“I’m not mad,” he screamed. “I’m sane! Nobody can put me away—I’m not mad, Tab, you know I’m not.”

“You are just the maddest thing that ever lived,” said Tab inflexibly. “Thank God I saved Ursula—” the words were out of his lips before he regretted them.

He had turned the mind of the man at the door in the last direction he wanted it to go.

“Ursula—mine! Do you hear, she’s mine now.”

Tab heard the clash of the trowel as it was thrown down and the sound of hurrying feet, growing fainter.

Tab wriggled himself to his knees, threw back his weight and came to his feet. It was a terrible strain to support himself, but he was standing, doubled up grotesquely but free to move his feet a few inches at a time. So he crept to the table and leaning over, pulled the key toward him with his chin. He brought it carefully to the edge, then gripped the handle in his teeth and shuffled to the door. But the lock was set so close to the wall that he could not get his head into position to insert the key. He tried twice, and then what he feared, happened. The key dropped from his teeth with a clang to the floor.

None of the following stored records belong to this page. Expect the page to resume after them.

Lemma sum_size_lrec l : \sum_(x < d) size (lrec l x).2 = 2.
Proof.
have Si_neq : l.1 != ordS l.1 by rewrite eq_sym ordS_neq.
rewrite (eq_bigr _ (fun x _ => size_lrec l x)) (bigD1 l.1) //= eqxx.
rewrite (bigD1 (ordS l.1)) /=; last by rewrite eq_sym.
rewrite eqxx orbT big1 // => x /andP [x_neq_Si x_neq_i].
by rewrite (negbTE x_neq_Si) (negbTE x_neq_i).
Qed.

(* Each letter of w occurs, with its sign, in exactly two sections of w. *)
Lemma sum_nsign_wsec b w : \sum_(x < d) nsign b (wsec w x) = 2 * nsign b w.
Proof.
elim: w => [|l w IH] /=; first by rewrite big1.
under eq_bigr do rewrite nsign_cat nsign_lrec.
rewrite big_split /= -big_distrr /= sum_size_lrec.
have -> : \sum_(x < d) nsign b (wsec w (lrec l x).1) = \sum_(x < d) nsign b (wsec w x).
  by rewrite [RHS](reindex_inj (can_inj (lrecK l))).
rewrite IH.
by rewrite /nsign /=; lia.
Qed.

Lemma sum_exp_sum_wsec w : (\sum_(x < d) exp_sum (wsec w x) = 2 * exp_sum w)%R.
Proof.
rewrite /exp_sum sumrB -!(big_morph Posz PoszD erefl) !sum_nsign_wsec.
by rewrite mulrBr !PoszM.
Qed.

Lemma lrec_index l : (lrec l l.1).1 = ordS l.1.
Proof.
by have := ordS_neq l.1 d_gt1; case: l => i [] /=; rewrite ?eqxx // eq_sym => /negbTE ->.
Qed.

Lemma relator_single l : ~ relator [:: l].
Proof.
move=> /(_ [:: l.1]) /=; rewrite lgen_cons lrec_index => -[] /eqP.
by rewrite (negbTE (ordS_neq l.1 d_gt1)).
Qed.

Lemma relator_cancel i b w : relator [:: (i, b), (i, ~~ b) & w] -> relator w.
Proof.
by move=> Rw u; have := Rw u; case: b {Rw} => /=; rewrite /lgen /= ?gen_ainvK ?gen_aK.
Qed.
(* Let $A\subseteq B\subseteq C$ be modules in $\mathcal G$ such that $A$ is a strict subobject of $B$ and $B$ is a strict subobject of $C$. Then $A$ is a strict subobject of $C$. Equivalently, a composition of cofibrations is a cofibration.
   Context: Let $\Lambda$ be a finite dimensional algebra over a field and $\mathrm{mod}\text-\Lambda$ the category of finitely generated right $\Lambda$-modules. Fix a torsion class $\mathcal G\subseteq\mathrm{mod}\text-\Lambda$, i.e. a class of modules closed under isomorphisms, extensions and quotients. For $B\in\mathcal G$, a subobject of $B$ is a submodule of $B$ that lies in $\mathcal G$ (including $0$ and $B$). A subobject $A\subseteq B$ is a strict subobject if $A\cap B'\in\mathcal G$ for every subobject $B'$ of $B$. A monomorphism whose image is a strict subobject is called a cofibration. *)

From HB Require Import structures.
From mathcomp Require Import all_boot all_order all_algebra all_field.
Set Implicit Arguments. Unset Strict Implicit. Unset Printing Implicit Defensive.
Import GRing.Theory.
Local Open Scope ring_scope.

(* Lambda : a finite dimensional K-algebra (falgType K).
   A finitely generated right Lambda-module = finite dimensional K-vector space
   K^n (row vectors) with a right action v . x := v *m ract x. *)
Section Defs.
Variables (K : fieldType) (Lam : falgType K).

Record rmod := RMod {
  rdim : nat;
  ract : Lam -> 'M[K]_rdim;
  ract_linear : forall (a : K) (x y : Lam), ract (a *: x + y) = a *: ract x + ract y;
  ract1 : ract 1 = 1%:M;
  ractM : forall x y : Lam, ract (x * y) = ract x *m ract y }.

Definition is_hom (M N : rmod) (f : 'M[K]_(rdim M, rdim N)) : Prop :=
  forall x : Lam, ract M x *m f = f *m ract N x.

Definition torsion_class (G : rmod -> Prop) : Prop :=
  (* closed under isomorphisms *)
  (forall (M N : rmod) (f : 'M[K]_(rdim M, rdim N)),
      is_hom f -> row_free f -> row_full f -> G M -> G N) /\
  (* closed under quotients (epimorphic images) *)
  (forall (M N : rmod) (f : 'M[K]_(rdim M, rdim N)),
      is_hom f -> row_full f -> G M -> G N) /\
  (* closed under extensions: 0 -> L0 -f-> M -g-> N -> 0 exact *)
  (forall (L0 M N : rmod) (f : 'M[K]_(rdim L0, rdim M)) (g : 'M[K]_(rdim M, rdim N)),
      is_hom f -> is_hom g -> row_free f -> row_full g ->
      (f == kermx g)%MS -> G L0 -> G N -> G M).

(* subspaces of a module M are row spaces of square matrices U *)
Definition submod (M : rmod) (U : 'M[K]_(rdim M)) : Prop :=
  forall x : Lam, (U *m ract M x <= U)%MS.

(* the subspace U of M is (isomorphic to) a module in G *)
Definition inG (G : rmod -> Prop) (M : rmod) (U : 'M[K]_(rdim M)) : Prop :=
  exists (N : rmod) (f : 'M[K]_(rdim N, rdim M)),
    [/\ G N, is_hom f, row_free f & (f == U)%MS].

(* U is a subobject of V (both subspaces of the ambient module M) *)
Definition subobject (G : rmod -> Prop) (M : rmod) (V U : 'M[K]_(rdim M)) : Prop :=
  [/\ submod U, (U <= V)%MS & inG G U].

Definition strict_subobject (G : rmod -> Prop) (M : rmod) (V U : 'M[K]_(rdim M)) : Prop :=
  subobject G V U /\
  forall W : 'M[K]_(rdim M), subobject G V W -> inG G (U :&: W)%MS.

End Defs.

From HB Require Import structures.
From mathcomp Require Import all_boot all_order all_algebra all_field.
Local Open Scope ring_scope.

(* For a subobject W of C, the intersection B ∩ W lies in G because B is strict
   in C; it is a subobject of B, so A ∩ (B ∩ W) lies in G because A is strict in
   B; and since A ⊆ B this intersection is just A ∩ W. *)

Section StrictSubobjects.
Variables (K : fieldType) (Lam : falgType K) (G : rmod Lam -> Prop) (C : rmod Lam).
Implicit Types A B U V W : 'M[K]_(rdim C).

Lemma inG_eqmx U V : (U == V)%MS -> inG G U -> inG G V.
Proof.
move=> /eqmxP eqUV [N [f [GN hom_f free_f /eqmxP eq_fU]]].
by exists N, f; split=> //; apply/eqmxP; apply: eqmx_trans eq_fU eqUV.
Qed.

Lemma submod_cap U V : submod U -> submod V -> submod (U :&: V)%MS.
Proof.
move=> modU modV x; rewrite sub_capmx.
by rewrite (submx_trans (submxMr _ (capmxSl U V)) (modU x))
           (submx_trans (submxMr _ (capmxSr U V)) (modV x)).
Qed.

Lemma subobject1 V U : subobject G V U -> subobject G 1%:M U.
Proof. by case=> modU _ inGU; split=> //; apply: submx1. Qed.

Lemma subobject_cap V W :
  submod V -> inG G (V :&: W)%MS -> subobject G 1%:M W ->
  subobject G V (V :&: W)%MS.
Proof.
by move=> modV inGVW [modW _ _]; split=> //; [apply: submod_cap | apply: capmxSl].
Qed.

Lemma capmxA_absorb U V W : (U <= V)%MS -> (U :&: (V :&: W) == U :&: W)%MS.
Proof.
move=> UV; apply/andP; split; rewrite !sub_capmx capmxSl /=.
  by rewrite (submx_trans (capmxSr _ _) (capmxSr _ _)).
by rewrite (submx_trans (capmxSl _ _) UV) capmxSr.
Qed.

Lemma strict_subobject_trans A B :
  strict_subobject G B A -> strict_subobject G 1%:M B ->
  strict_subobject G 1%:M A.
Proof.
move=> [[modA AB inGA] strictA] [[modB _ _] strictB].
split=> [|W subW]; first exact: subobject1 (And3 modA AB inGA).
have inGBW := strictB W subW.
move: (capmxA_absorb _ _ W AB) => /inG_eqmx; apply; apply: strictA.
exact: subobject_cap.
Qed.

End StrictSubobjects.

(* The argument never uses the closure properties of G, nor G C. *)
Theorem mainTheorem1 (K : fieldType) (Lam : falgType K) (G : rmod Lam -> Prop)
  (C : rmod Lam) (A B : 'M[K]_(rdim C)) :
  torsion_class G -> G C ->
  strict_subobject G B A ->
  strict_subobject G 1%:M B ->
  strict_subobject G 1%:M A.
Proof. by move=> _ _; apply: strict_subobject_trans. Qed.
(* Let $N\ge 5$ be odd, and let $G_{N,1}$ be the graph with vertex set $\mathbb Z_N$ in which two distinct vertices $i,j$ are adjacent if and only if $j-i\not\equiv\pm1\pmod N$. Put $\Delta=\sqrt{N(N-4)}$ and $\rho=\frac{N-2+\Delta}{2}$. Then $G_{N,1}$ has $m=\frac{N(N-3)}{2}$ edges, and for $u,v\in\mathbb Z_N$ with $q\in\{0,1,\dots,N-1\}$, $q\equiv v-u\pmod N$, the expected hitting time of $v$ by the simple random walk on $G_{N,1}$ started at $u$ is \[ H^{(1)}(u,v)=\frac{N(N-3)}{\Delta(\rho^N+1)}\left\{\rho^N-1+(-1)^q(\rho^q-\rho^{N-q})\right\}. \]
   Context: The simple random walk moves from the current vertex to a uniformly random neighbour; $H(u,v)$ is the expected number of steps to first reach $v$ starting from $u$. *)

From HB Require Import structures.
From mathcomp Require Import all_boot all_order all_algebra.
From mathcomp Require Import all_classical all_reals all_analysis.
Set Implicit Arguments. Unset Strict Implicit. Unset Printing Implicit Defensive.
Import Order.TTheory GRing.Theory Num.Theory numFieldNormedType.Exports.
Local Open Scope ring_scope.


(* A simple graph on a finite vertex type T is given by a symmetric irreflexive
   adjacency relation [adj]. *)

Definition graph_edges (T : finType) (adj : rel T) : {set {set T}} :=
  [set e : {set T} | [exists x, exists y, adj x y && (e == [set x; y])]].

Definition deg (T : finType) (adj : rel T) (x : T) : nat := #|[set y | adj x y]|.

Definition srw (R : realType) (T : finType) (adj : rel T) (x y : T) : R :=
  if adj x y then (deg adj x)%:R^-1 else 0.

(* avoid_mass adj u v t x = probability that the walk started at u is at x at
   time t and has not visited v at any of the times 0, ..., t-1. *)
Fixpoint avoid_mass (R : realType) (T : finType) (adj : rel T) (u v : T)
    (t : nat) (x : T) : R :=
  match t with
  | 0 => (x == u)%:R
  | t'.+1 => \sum_(y : T | y != v) avoid_mass R adj u v t' y * srw R adj y x
  end.

(* First-passage distribution: P_u(T_v = t), where T_v = min {t >= 0 : X_t = v}. *)
Definition first_passage (R : realType) (T : finType) (adj : rel T) (u v : T)
    (t : nat) : R := avoid_mass R adj u v t v.

(* "H is the expected hitting time of v from u": T_v is a.s. finite and
   E[T_v] = sum_t t P(T_v = t) = H. *)
Definition is_hitting_time (R : realType) (T : finType) (adj : rel T) (u v : T)
    (H : R) : Prop :=
  (series (first_passage R adj u v) @ \oo --> (1 : R))%classic /\
  (series (fun t => t%:R * first_passage R adj u v t) @ \oo --> H)%classic.

Definition GN1 (N : nat) : rel 'I_N :=
  fun i j => [&& i != j, ((nat_of_ord j + N - nat_of_ord i) %% N)%N != 1%N & ((nat_of_ord i + N - nat_of_ord j) %% N)%N != 1%N].
Arguments GN1 N : clear implicits.

(* Let h be nonnegative with h(v) = 0 and h(x) = 1 + (mean of h over the
   neighbours of x) for x <> v.  Then the h-weighted mass of the walk killed at
   v drops at each step by exactly the mass that has not yet hit v, and it is
   at least a fixed fraction of that mass; hence it decays geometrically, which
   shows both that v is hit almost surely and that E[T_v] = h(u).
   In G_{N,1} every vertex x has degree N - 3 and its non-neighbours are x and
   its two cycle neighbours, so for h(x) = f(q), q the forward distance from x
   to v, harmonicity becomes f(q-1) + (N-2) f(q) + f(q+1) = const together with
   a condition on the sum of f.  The roots of the characteristic polynomial
   X^2 - (N-2) X + 1 are rho and 1/rho, and the stated formula satisfies the
   recurrence, f(0) = f(N) = 0 (N odd) and the sum condition. *)

From HB Require Import structures.
From mathcomp Require Import all_boot all_order all_algebra.
From mathcomp Require Import all_classical all_reals all_analysis.
From mathcomp Require Import ring lra zify.
Set Implicit Arguments. Unset Strict Implicit. Unset Printing Implicit Defensive.
Import Order.TTheory GRing.Theory Num.Theory numFieldNormedType.Exports.
Local Open Scope ring_scope.

Lemma cvg_natmul_expr (R : realType) (z : R) : 0 <= z < 1 ->
  ((fun n => n%:R * z ^+ n) @ \oo --> (0 : R))%classic.
Proof.
case/andP=> z0 z1; set s := Num.sqrt z.
have s0 : 0 <= s := sqrtr_ge0 _.
have s1 : s < 1 by rewrite /s -sqrtr1 ltr_sqrt.
have zE : z = s ^+ 2 by rewrite sqr_sqrtr.
(* With [z = s^2], [n z^n = s^n (n s^n)] and [n s^n] is at most [1 / (1 - s)]. *)
have natmul_expr_le n : n%:R * s ^+ n * (1 - s) <= 1.
  elim: n => [|n IH]; first by rewrite !mul0r ler01.
  have p0 : 0 <= s ^+ n := exprn_ge0 n s0.
  have p1 : s ^+ n <= 1 := exprn_ile1 n s0 (ltW s1).
  rewrite exprS -addn1 natrD.
  move: IH p0 p1; set p := s ^+ n; set k : R := n%:R => IH p0 p1.
  have : s * (k * p * (1 - s)) <= s by rewrite -[X in _ <= X]mulr1 ler_wpM2l.
  have : s * p * (1 - s) <= 1 - s by rewrite ler_piMl ?subr_ge0 ?(ltW s1) // mulr_ile1 // ltW.
  nra.
apply: (@squeeze_cvgr _ _ _ _ (fun=> 0) (fun n => s ^+ n / (1 - s))).
- apply: nearW => n; rewrite zE -exprM mulnC exprM.
  have p0 : 0 <= s ^+ n := exprn_ge0 n s0.
  rewrite mulr_ge0 ?exprn_ge0 //= ler_pdivlMr ?subr_gt0 //.
  have -> : n%:R * (s ^+ n) ^+ 2 * (1 - s) = s ^+ n * (n%:R * s ^+ n * (1 - s)).
    by ring.
  by rewrite -[X in _ <= X]mulr1 ler_wpM2l.
- exact: cvg_cst.
- by rewrite -(mul0r (1 - s)^-1); apply: cvgMr_tmp; apply: cvg_expr; rewrite ger0_norm.
Qed.

Section HittingTime.
Variables (R : realType) (T : finType) (adj : rel T).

He was on the point of kneeling when he heard somebody moving about, Rex opened the door to the sitting-room and shouted something; what it was, Tab could not hear, but there came to him a noise as if somebody was breaking sticks. Crack, crack, crack! it went, and then he sniffed. It was a faint smell of burning petrol he had detected, and he knew that for him the worst had happened. Mayfield was on fire.

XXXIV

“No answer,” said Exchange.

Mr. Carver rubbed his nose irritably and glanced up at the clock. Then he lifted the instrument again.